Supplied material
(* Let $R$ be a commutative noetherian ring and $A$ a finite $R$-algebra. Let $I,J$ be indecomposable injective $A$-modules with $\mathrm{Hom}_A(I,J)\neq0$ and $\alpha(I)\neq\alpha(J)$. Then $\mathrm{Hom}_A(I,J)$ is not noetherian as a left $\mathrm{End}_A(J)$-module.
   Context: A finite $R$-algebra is a ring $A$ with an injective ring map $R\to Z(A)$ making $A$ a finitely generated $R$-module. For an indecomposable injective $A$-module $I$ there is a unique prime ideal $P$ of $A$ such that $E_A(A/P)$ is a finite direct sum of copies of $I$; $\alpha(I):=P\cap R\in\mathrm{Spec}(R)$. $\mathrm{End}_A(J)$ acts on $\mathrm{Hom}_A(I,J)$ by composition on the left. *)

From HB Require Import structures.
From mathcomp Require Import all_boot all_order all_algebra.
Set Implicit Arguments. Unset Strict Implicit. Unset Printing Implicit Defensive.
Import GRing.Theory.
Local Open Scope ring_scope.

Definition is_linear_map (A : nzRingType) (M N : lmodType A) (f : M -> N) : Prop :=
  forall (a : A) (x y : M), f (a *: x + y) = a *: f x + f y.

Definition is_submodule (A : nzRingType) (M : lmodType A) (U : M -> Prop) : Prop :=
  [/\ U 0, (forall x y, U x -> U y -> U (x + y)) & (forall (a : A) x, U x -> U (a *: x))].

Definition is_ideal (A : nzRingType) (P : A -> Prop) : Prop :=
  [/\ P 0, (forall x y, P x -> P y -> P (x + y)),
      (forall a x, P x -> P (a * x)) & (forall a x, P x -> P (x * a))].

Definition is_prime_ideal (A : nzRingType) (P : A -> Prop) : Prop :=
  [/\ is_ideal P, ~ P 1 &
      forall a b : A, (forall r : A, P (a * r * b)) -> P a \/ P b].

Definition noetherian_ring (R : comNzRingType) : Prop :=
  forall c : nat -> R -> Prop,
    (forall n, is_ideal (c n)) ->
    (forall n x, c n x -> c n.+1 x) ->
    exists N, forall n, (N <= n)%N -> forall x, c n x -> c N x.

Definition finite_algebra (R : comNzRingType) (A : nzRingType)
  (phi : {rmorphism R -> A}) : Prop :=
  [/\ injective phi,
      (forall (r : R) (a : A), phi r * a = a * phi r) &
      exists s : seq A, forall a : A, exists c : seq R,
        a = \sum_(i < size s) phi c`_i * s`_i].

Definition injective_module (A : nzRingType) (E : lmodType A) : Prop :=
  forall (M N : lmodType A) (i : M -> N) (g : M -> E),
    is_linear_map i -> injective i -> is_linear_map g ->
    exists h : N -> E, is_linear_map h /\ forall m, h (i m) = g m.

Definition indecomposable_injective (A : nzRingType) (E : lmodType A) : Prop :=
  [/\ injective_module E, (exists x : E, x != 0) &
      forall U V : E -> Prop, is_submodule U -> is_submodule V ->
        (forall x, U x -> V x -> x = 0) ->
        (forall z, exists u v, [/\ U u, V v & z = u + v]) ->
        (forall x, U x -> x = 0) \/ (forall x, V x -> x = 0)].

(* E is an injective hull of the left module A/P (P a two-sided ideal):
   E is injective and contains an element x with left annihilator exactly P
   (so that a + P |-> a *: x is an embedding A/P -> E with image A x), and
   the image A x is essential in E. *)
Definition injective_hull_of_quotient (A : nzRingType) (P : A -> Prop)
  (E : lmodType A) : Prop :=
  injective_module E /\
  exists x : E,
    (forall a : A, a *: x = 0 <-> P a) /\
    (forall U : E -> Prop, is_submodule U -> (exists y, U y /\ y <> 0) ->
       exists y, [/\ U y, y <> 0 & exists a : A, y = a *: x]).

(* E_A(A/P) is (isomorphic to) a finite direct sum I^n of copies of I. *)
Definition hull_is_power (A : nzRingType) (P : A -> Prop) (I : lmodType A) : Prop :=
  exists n : nat, injective_hull_of_quotient P {ffun 'I_n -> I}.

(* Hom_A(I,J) is noetherian as a left End_A(J)-module (End_A(J) acting by
   composition on the left): ACC on End_A(J)-submodules of Hom_A(I,J). *)
Definition is_End_submodule (A : nzRingType) (I J : lmodType A)
  (S : (I -> J) -> Prop) : Prop :=
  [/\ forall f, S f -> is_linear_map f,
      S (fun _ => 0),
      (forall f g, S f -> S g -> S (fun x => f x + g x)) &
      (forall (e : J -> J) f, is_linear_map e -> S f -> S (fun x => e (f x)))].

Definition Hom_noetherian_over_End (A : nzRingType) (I J : lmodType A) : Prop :=
  forall c : nat -> (I -> J) -> Prop,
    (forall n, is_End_submodule (c n)) ->
    (forall n f, c n f -> c n.+1 f) ->
    exists N, forall n, (N <= n)%N -> forall f, c n f -> c N f.

(* Choose r in R lying in exactly one of alpha(I) and alpha(J).  Since
   E(A/P) = I^n contains an element with annihilator exactly P, and A/P is an
   essential submodule with P prime, multiplication by r on I has a nonzero
   kernel if r is in P and is injective otherwise; likewise for J and Q.
   Indecomposable injective modules are uniform, their injective endomorphisms
   are automorphisms, and over the noetherian finite R-algebra A an element of
   R with nonzero kernel on such a module is locally nilpotent on it.
   If r lies in P but not in Q, r is locally nilpotent on I and injective on J,
   so Hom(I, J) = 0.  If r lies in Q but not in P, r has an inverse h on I and
   the End(J)-submodules generated by the f h^n ascend.  Were they to
   stabilize, f h^(n+1) = e (r f h^(n+1)) for some e in End(J), so e r would
   fix a nonzero element of J while killing its nonzero r-torsion, against
   uniformity. *)

From HB Require Import structures.
From mathcomp Require Import all_boot all_order all_algebra.
From mathcomp Require Import boolp classical_sets.
Set Implicit Arguments. Unset Strict Implicit. Unset Printing Implicit Defensive.
Import GRing.Theory.
Local Open Scope ring_scope.
Local Open Scope classical_set_scope.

Your assignment
For this task, write out exactly the lines of the entries above, starting at the line with "the image A x is essential in E. *)" and ending at the line with "stabilize, f h^(n+1)", both included, and no others.

Your response
   the image A x is essential in E. *)
Definition injective_hull_of_quotient (A : nzRingType) (P : A -> Prop)
  (E : lmodType A) : Prop :=
  injective_module E /\
  exists x : E,
    (forall a : A, a *: x = 0 <-> P a) /\
    (forall U : E -> Prop, is_submodule U -> (exists y, U y /\ y <> 0) ->
       exists y, [/\ U y, y <> 0 & exists a : A, y = a *: x]).

(* E_A(A/P) is (isomorphic to) a finite direct sum I^n of copies of I. *)
Definition hull_is_power (A : nzRingType) (P : A -> Prop) (I : lmodType A) : Prop :=
  exists n : nat, injective_hull_of_quotient P {ffun 'I_n -> I}.

(* Hom_A(I,J) is noetherian as a left End_A(J)-module (End_A(J) acting by
   composition on the left): ACC on End_A(J)-submodules of Hom_A(I,J). *)
Definition is_End_submodule (A : nzRingType) (I J : lmodType A)
  (S : (I -> J) -> Prop) : Prop :=
  [/\ forall f, S f -> is_linear_map f,
      S (fun _ => 0),
      (forall f g, S f -> S g -> S (fun x => f x + g x)) &
      (forall (e : J -> J) f, is_linear_map e -> S f -> S (fun x => e (f x)))].

Definition Hom_noetherian_over_End (A : nzRingType) (I J : lmodType A) : Prop :=
  forall c : nat -> (I -> J) -> Prop,
    (forall n, is_End_submodule (c n)) ->
    (forall n f, c n f -> c n.+1 f) ->
    exists N, forall n, (N <= n)%N -> forall f, c n f -> c N f.

(* Choose r in R lying in exactly one of alpha(I) and alpha(J).  Since
   E(A/P) = I^n contains an element with annihilator exactly P, and A/P is an
   essential submodule with P prime, multiplication by r on I has a nonzero
   kernel if r is in P and is injective otherwise; likewise for J and Q.
   Indecomposable injective modules are uniform, their injective endomorphisms
   are automorphisms, and over the noetherian finite R-algebra A an element of
   R with nonzero kernel on such a module is locally nilpotent on it.
   If r lies in P but not in Q, r is locally nilpotent on I and injective on J,
   so Hom(I, J) = 0.  If r lies in Q but not in P, r has an inverse h on I and
   the End(J)-submodules generated by the f h^n ascend.  Were they to
   stabilize, f h^(n+1) = e (r f h^(n+1)) for some e in End(J), so e r would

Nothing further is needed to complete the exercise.